THE DATA
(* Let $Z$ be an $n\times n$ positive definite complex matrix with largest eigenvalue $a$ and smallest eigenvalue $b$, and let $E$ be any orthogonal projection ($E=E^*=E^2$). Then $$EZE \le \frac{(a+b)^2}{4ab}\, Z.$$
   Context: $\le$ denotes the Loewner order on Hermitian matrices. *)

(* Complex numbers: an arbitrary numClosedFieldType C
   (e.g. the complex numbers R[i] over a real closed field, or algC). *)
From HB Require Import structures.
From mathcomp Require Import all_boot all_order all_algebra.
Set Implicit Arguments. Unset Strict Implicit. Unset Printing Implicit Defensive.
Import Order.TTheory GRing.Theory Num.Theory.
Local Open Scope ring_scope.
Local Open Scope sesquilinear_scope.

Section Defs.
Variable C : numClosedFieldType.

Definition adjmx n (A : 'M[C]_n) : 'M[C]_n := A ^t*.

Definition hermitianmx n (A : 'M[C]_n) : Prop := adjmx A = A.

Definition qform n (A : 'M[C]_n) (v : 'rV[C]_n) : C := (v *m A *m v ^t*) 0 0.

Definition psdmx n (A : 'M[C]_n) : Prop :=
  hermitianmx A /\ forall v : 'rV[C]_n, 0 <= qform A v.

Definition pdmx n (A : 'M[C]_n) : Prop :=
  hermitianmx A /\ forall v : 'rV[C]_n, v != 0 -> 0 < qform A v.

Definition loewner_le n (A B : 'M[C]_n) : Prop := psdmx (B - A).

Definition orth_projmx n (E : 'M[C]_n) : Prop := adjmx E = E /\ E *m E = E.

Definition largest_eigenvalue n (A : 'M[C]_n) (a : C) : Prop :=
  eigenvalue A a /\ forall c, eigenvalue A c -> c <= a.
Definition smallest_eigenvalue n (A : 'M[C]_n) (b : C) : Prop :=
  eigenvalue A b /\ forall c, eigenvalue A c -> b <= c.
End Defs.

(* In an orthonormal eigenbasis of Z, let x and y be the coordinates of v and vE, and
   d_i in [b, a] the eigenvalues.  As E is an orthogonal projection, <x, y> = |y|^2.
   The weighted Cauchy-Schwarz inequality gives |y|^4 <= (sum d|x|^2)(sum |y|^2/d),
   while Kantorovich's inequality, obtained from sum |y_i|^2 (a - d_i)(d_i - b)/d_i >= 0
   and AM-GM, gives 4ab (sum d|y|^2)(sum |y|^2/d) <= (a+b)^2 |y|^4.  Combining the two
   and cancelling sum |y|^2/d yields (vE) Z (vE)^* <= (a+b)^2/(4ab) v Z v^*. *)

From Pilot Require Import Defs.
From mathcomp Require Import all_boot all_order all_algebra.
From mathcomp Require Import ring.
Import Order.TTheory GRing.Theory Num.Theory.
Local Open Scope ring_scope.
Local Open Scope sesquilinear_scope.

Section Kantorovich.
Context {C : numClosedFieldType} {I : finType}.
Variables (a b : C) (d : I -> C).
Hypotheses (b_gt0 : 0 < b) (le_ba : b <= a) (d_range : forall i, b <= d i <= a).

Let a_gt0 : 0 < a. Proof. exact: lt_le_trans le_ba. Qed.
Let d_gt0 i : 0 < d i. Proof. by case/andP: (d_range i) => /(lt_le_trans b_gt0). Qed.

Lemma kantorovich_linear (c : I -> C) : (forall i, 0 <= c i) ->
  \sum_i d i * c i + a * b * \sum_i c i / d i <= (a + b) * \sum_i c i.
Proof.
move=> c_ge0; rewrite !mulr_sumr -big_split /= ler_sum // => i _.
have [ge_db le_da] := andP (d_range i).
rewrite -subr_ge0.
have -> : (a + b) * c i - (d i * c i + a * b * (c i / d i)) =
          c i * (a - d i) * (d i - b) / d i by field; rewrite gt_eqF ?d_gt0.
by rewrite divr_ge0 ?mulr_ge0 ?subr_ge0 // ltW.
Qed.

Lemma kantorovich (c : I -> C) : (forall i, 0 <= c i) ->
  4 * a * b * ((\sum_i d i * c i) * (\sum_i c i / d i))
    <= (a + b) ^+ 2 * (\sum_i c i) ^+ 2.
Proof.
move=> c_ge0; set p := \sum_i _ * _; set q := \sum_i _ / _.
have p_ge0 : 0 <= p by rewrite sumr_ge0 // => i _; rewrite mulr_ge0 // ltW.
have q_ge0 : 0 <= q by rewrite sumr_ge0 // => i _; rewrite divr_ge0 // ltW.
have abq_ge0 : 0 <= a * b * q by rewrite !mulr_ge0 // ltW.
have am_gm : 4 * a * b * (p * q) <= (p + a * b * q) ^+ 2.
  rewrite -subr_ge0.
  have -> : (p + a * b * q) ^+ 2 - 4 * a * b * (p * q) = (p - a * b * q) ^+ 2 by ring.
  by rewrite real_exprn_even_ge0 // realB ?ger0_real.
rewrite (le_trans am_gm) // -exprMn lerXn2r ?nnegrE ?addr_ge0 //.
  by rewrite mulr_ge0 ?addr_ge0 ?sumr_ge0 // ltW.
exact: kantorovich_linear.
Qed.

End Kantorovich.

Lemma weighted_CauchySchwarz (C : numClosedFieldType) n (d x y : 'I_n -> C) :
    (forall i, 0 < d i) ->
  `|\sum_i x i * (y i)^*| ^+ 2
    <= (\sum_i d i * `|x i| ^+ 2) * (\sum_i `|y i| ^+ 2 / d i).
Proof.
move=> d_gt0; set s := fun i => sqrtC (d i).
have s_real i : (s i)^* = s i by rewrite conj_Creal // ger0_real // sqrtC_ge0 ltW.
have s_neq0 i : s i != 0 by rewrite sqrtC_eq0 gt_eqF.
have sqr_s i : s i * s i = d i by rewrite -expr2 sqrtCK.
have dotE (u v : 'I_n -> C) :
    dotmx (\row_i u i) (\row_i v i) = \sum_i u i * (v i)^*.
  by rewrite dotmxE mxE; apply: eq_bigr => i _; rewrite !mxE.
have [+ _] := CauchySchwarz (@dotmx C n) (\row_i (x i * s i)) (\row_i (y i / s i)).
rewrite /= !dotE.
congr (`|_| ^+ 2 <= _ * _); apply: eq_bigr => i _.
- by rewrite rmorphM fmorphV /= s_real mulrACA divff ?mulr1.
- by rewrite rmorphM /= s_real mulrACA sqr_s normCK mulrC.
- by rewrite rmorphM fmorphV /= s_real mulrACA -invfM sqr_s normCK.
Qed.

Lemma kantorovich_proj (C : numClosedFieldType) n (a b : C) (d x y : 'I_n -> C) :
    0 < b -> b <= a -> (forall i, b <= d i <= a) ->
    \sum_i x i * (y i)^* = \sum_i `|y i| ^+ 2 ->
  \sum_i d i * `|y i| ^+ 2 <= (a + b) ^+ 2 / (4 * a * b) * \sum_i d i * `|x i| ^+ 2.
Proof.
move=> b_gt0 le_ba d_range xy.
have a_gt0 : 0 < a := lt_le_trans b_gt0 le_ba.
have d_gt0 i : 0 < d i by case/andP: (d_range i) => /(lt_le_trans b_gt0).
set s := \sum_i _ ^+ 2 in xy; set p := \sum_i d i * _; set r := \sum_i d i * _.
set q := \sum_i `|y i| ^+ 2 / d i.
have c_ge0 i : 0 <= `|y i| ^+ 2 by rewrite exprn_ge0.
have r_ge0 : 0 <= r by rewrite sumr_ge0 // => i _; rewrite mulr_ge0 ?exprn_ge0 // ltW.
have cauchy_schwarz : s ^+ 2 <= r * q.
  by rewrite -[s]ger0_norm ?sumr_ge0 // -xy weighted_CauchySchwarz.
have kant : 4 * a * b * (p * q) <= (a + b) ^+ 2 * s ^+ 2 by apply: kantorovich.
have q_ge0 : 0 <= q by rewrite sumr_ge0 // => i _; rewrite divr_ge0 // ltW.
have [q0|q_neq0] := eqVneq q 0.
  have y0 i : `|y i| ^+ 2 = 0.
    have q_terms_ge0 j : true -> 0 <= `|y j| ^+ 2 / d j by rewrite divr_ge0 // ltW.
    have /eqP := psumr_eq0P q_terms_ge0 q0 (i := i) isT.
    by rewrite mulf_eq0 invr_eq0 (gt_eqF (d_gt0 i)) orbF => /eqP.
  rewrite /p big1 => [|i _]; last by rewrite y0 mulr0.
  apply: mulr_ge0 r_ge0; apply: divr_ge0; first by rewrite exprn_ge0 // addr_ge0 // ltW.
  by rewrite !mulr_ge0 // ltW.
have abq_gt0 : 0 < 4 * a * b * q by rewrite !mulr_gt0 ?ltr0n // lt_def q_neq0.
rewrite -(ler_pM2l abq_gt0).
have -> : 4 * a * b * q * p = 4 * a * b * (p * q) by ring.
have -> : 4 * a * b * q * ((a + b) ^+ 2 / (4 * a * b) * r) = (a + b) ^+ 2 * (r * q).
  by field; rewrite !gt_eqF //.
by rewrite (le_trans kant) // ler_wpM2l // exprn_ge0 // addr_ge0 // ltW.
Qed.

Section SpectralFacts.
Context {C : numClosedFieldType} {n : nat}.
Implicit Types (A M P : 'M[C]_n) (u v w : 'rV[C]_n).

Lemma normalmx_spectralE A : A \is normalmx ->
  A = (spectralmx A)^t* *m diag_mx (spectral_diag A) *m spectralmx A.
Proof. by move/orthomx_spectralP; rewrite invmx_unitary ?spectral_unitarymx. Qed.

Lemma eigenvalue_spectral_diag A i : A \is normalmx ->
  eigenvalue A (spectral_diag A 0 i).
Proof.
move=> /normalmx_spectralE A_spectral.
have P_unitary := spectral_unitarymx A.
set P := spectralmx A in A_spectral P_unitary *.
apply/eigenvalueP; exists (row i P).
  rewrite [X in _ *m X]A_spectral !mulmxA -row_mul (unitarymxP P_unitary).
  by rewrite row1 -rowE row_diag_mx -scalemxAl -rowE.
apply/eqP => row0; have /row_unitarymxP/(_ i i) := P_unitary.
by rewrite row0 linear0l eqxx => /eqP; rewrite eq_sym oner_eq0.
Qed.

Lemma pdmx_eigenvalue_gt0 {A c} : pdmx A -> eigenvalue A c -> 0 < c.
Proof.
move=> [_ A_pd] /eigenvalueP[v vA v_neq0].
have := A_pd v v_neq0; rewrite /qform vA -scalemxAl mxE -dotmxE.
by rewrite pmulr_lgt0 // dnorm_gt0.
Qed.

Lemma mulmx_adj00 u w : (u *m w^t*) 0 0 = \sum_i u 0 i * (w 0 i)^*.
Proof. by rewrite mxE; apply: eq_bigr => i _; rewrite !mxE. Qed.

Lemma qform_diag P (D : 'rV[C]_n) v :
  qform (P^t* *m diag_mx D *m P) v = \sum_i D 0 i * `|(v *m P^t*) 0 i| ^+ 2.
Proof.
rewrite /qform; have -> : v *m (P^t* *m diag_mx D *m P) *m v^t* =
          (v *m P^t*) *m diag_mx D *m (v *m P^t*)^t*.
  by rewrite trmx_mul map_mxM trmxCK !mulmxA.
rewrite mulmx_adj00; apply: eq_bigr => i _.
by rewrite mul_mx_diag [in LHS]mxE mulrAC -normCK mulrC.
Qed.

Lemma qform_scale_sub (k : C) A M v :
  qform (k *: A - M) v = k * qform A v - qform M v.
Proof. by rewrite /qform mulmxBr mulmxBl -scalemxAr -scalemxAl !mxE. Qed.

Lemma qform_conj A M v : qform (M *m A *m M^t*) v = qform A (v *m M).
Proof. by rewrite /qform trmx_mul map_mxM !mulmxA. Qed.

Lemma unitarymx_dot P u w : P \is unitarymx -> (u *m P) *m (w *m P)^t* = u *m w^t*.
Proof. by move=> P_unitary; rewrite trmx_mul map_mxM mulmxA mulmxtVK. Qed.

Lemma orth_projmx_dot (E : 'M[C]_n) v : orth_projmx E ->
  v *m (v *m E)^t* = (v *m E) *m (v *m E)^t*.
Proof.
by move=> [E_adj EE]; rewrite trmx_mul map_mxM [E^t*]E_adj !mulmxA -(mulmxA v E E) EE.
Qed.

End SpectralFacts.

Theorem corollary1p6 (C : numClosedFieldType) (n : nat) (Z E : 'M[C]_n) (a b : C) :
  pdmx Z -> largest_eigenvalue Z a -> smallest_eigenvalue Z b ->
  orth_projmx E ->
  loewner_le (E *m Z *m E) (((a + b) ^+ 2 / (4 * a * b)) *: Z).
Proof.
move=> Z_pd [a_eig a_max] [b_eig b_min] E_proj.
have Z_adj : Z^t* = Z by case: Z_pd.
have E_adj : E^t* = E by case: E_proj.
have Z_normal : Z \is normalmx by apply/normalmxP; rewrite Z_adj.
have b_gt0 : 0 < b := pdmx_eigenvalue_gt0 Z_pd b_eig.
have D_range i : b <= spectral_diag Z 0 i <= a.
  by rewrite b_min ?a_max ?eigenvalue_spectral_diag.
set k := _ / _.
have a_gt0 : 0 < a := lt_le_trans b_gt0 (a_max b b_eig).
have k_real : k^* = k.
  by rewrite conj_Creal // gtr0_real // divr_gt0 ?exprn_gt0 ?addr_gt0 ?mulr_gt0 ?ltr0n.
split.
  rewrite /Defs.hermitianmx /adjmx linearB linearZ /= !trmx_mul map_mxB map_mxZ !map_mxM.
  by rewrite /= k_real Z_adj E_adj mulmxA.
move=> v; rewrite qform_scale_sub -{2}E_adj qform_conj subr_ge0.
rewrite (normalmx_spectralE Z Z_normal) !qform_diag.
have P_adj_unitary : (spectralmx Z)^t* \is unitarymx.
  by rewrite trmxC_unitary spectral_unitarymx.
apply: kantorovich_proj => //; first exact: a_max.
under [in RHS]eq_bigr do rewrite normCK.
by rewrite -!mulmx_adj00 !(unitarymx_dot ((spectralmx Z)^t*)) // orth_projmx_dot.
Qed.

WORK INSTRUCTIONS
Give only the count of lines in the data that include the string "Import".

ANSWER FOR THE TASK
7